# Exercise:
Your answer should be the exact lines of the data below from the one containing "Lemma act_nat_cat w1" through the one containing "Proof. by rewrite /step_nat /= eqxx (_"; please include nothing else.

# Given entries:

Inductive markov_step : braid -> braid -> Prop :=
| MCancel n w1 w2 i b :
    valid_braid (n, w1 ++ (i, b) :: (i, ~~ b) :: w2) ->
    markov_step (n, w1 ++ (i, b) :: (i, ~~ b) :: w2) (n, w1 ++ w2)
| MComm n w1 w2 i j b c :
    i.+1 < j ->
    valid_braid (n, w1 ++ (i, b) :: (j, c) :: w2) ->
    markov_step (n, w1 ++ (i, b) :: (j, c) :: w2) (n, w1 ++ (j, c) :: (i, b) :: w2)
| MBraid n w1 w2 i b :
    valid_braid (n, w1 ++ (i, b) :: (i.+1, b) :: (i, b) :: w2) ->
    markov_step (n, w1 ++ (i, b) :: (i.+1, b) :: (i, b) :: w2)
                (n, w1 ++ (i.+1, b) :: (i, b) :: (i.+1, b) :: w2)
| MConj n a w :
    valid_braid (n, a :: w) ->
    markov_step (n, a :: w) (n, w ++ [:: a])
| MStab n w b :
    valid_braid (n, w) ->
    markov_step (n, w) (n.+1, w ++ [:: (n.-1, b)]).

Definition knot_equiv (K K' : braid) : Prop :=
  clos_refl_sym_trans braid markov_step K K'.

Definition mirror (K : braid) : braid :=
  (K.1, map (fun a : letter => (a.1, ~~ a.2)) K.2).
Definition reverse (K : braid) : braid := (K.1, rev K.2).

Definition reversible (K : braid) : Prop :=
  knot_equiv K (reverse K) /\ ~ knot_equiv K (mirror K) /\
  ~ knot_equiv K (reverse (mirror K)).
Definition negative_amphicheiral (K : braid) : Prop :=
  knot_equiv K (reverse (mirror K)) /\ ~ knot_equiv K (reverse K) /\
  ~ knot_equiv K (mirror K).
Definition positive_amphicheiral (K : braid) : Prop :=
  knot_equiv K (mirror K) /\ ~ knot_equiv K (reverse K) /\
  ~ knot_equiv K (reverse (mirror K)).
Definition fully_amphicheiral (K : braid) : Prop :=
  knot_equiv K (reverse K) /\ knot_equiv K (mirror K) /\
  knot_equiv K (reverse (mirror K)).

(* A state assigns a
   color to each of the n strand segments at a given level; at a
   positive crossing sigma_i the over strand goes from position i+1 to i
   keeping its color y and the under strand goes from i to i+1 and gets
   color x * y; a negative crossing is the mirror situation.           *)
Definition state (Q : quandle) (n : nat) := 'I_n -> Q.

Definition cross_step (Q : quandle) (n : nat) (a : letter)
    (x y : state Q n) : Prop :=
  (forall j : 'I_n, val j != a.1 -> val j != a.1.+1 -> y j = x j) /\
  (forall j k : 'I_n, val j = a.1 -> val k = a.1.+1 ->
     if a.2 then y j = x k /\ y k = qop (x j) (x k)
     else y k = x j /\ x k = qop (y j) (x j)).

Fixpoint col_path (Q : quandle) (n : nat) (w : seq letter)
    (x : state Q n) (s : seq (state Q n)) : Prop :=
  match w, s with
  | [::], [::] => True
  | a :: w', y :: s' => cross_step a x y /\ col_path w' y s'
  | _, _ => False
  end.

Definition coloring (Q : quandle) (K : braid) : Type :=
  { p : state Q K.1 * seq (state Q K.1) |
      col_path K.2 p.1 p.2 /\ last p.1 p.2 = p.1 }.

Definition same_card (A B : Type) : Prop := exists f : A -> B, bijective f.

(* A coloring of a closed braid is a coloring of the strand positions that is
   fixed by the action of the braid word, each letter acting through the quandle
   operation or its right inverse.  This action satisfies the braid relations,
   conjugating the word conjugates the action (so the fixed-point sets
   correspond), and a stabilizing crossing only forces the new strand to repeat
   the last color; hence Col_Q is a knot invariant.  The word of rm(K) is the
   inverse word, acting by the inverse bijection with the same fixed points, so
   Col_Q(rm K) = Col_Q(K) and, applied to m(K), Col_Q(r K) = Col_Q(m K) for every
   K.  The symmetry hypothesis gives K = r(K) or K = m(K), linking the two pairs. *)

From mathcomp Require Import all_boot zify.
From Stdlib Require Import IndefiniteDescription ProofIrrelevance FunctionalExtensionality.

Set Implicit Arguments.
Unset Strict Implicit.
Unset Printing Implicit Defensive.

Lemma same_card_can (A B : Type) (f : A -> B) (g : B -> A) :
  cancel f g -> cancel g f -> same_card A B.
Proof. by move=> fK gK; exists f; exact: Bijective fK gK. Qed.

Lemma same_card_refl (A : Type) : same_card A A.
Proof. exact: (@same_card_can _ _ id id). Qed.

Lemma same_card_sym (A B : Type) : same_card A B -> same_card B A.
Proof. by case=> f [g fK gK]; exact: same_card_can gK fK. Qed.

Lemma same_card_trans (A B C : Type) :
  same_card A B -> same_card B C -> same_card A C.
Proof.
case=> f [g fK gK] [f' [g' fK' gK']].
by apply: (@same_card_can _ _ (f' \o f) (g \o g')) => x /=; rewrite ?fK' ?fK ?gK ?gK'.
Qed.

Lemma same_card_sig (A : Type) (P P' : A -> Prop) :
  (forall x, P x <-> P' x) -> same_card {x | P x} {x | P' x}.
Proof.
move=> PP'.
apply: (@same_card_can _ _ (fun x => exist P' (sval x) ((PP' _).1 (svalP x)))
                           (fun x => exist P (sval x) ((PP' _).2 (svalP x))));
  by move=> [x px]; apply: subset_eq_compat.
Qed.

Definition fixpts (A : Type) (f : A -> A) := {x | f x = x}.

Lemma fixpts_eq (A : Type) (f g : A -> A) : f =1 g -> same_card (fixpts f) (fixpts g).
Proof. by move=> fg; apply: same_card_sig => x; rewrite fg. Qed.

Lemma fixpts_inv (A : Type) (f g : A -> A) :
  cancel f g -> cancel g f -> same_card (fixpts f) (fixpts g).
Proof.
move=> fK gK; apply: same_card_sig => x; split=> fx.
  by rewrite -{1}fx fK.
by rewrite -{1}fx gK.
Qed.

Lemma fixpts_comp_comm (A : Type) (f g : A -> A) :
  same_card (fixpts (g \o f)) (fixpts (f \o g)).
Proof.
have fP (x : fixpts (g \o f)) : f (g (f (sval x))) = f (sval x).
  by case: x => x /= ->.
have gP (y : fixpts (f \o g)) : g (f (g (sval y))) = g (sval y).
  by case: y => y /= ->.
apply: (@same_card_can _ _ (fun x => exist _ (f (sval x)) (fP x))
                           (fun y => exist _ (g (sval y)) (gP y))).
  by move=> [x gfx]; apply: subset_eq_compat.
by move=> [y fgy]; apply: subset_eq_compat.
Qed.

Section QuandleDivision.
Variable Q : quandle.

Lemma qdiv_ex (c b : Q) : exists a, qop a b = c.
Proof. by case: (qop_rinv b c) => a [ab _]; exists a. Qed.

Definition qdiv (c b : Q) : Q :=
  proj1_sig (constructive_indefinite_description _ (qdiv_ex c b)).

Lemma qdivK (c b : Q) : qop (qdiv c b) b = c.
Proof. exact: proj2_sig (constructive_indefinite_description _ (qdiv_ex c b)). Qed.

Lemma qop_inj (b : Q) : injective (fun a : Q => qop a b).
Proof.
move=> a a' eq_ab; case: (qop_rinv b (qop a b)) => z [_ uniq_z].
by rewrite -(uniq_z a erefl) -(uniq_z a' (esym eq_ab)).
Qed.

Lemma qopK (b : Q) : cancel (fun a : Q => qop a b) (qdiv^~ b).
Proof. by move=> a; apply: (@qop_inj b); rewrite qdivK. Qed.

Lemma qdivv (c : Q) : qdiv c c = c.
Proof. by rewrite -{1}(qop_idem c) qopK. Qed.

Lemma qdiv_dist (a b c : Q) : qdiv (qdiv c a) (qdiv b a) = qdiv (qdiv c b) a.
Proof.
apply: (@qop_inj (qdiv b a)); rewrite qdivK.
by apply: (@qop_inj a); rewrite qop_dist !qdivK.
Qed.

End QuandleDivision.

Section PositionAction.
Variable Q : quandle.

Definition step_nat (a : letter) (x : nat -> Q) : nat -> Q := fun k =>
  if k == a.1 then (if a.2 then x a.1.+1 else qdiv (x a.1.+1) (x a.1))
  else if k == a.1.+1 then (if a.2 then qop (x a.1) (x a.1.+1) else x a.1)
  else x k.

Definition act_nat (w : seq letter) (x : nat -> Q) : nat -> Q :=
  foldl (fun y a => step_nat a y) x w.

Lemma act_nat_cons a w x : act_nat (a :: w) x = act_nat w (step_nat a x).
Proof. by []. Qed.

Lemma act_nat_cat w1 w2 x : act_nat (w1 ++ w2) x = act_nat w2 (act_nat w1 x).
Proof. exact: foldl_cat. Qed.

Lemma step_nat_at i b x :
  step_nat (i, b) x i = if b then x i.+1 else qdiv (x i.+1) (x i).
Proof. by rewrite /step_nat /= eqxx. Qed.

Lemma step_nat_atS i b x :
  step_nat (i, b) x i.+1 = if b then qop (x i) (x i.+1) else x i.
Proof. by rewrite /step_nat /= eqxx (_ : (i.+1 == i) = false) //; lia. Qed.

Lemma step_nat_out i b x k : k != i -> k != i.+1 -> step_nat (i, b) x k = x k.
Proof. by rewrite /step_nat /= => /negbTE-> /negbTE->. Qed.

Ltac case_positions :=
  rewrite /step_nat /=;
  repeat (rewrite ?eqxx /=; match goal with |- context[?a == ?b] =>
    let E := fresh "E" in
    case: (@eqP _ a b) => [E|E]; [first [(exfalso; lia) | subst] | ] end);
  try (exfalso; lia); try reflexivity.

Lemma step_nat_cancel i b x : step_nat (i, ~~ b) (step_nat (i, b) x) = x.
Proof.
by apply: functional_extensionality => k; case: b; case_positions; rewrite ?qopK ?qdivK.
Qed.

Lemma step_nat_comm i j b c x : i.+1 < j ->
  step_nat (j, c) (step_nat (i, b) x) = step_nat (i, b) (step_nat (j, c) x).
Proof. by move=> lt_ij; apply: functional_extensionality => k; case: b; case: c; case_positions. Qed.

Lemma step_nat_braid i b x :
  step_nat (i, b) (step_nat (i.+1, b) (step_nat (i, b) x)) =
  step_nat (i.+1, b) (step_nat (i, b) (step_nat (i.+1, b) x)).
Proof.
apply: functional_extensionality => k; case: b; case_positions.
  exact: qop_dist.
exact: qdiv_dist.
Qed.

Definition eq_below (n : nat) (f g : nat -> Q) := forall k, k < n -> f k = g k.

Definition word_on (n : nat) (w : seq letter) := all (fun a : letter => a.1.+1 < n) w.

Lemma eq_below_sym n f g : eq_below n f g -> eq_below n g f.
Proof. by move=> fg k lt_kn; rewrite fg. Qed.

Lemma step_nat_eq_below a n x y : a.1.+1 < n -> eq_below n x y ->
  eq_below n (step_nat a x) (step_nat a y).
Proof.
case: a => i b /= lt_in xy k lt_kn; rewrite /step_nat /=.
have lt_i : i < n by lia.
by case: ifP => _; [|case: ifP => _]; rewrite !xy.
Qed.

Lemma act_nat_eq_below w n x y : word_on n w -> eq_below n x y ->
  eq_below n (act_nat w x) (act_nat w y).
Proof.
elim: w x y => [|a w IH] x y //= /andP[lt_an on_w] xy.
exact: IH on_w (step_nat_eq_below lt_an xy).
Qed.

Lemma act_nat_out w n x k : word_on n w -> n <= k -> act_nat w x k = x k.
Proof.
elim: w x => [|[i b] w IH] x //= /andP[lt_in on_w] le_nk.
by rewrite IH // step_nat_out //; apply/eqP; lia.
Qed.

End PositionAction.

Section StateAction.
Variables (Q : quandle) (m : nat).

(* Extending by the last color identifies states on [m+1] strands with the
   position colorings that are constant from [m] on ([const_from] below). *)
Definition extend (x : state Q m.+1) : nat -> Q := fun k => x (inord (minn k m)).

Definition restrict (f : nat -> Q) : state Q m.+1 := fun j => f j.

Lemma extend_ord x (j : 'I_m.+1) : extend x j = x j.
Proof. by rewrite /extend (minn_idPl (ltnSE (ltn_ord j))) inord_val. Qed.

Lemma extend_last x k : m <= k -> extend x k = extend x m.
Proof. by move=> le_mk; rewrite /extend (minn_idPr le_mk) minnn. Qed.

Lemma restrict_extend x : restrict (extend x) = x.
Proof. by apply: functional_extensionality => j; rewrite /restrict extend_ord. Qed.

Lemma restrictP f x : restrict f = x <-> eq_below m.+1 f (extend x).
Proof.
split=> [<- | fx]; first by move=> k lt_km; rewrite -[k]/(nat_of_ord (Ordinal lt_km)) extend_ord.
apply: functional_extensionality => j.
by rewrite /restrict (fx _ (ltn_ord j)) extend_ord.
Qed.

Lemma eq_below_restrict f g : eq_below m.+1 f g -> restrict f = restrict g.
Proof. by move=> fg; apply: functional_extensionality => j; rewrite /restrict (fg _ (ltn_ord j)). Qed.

# Output of the task:
Lemma act_nat_cat w1 w2 x : act_nat (w1 ++ w2) x = act_nat w2 (act_nat w1 x).
Proof. exact: foldl_cat. Qed.

Lemma step_nat_at i b x :
  step_nat (i, b) x i = if b then x i.+1 else qdiv (x i.+1) (x i).
Proof. by rewrite /step_nat /= eqxx. Qed.

Lemma step_nat_atS i b x :
  step_nat (i, b) x i.+1 = if b then qop (x i) (x i.+1) else x i.
Proof. by rewrite /step_nat /= eqxx (_ : (i.+1 == i) = false) //; lia. Qed.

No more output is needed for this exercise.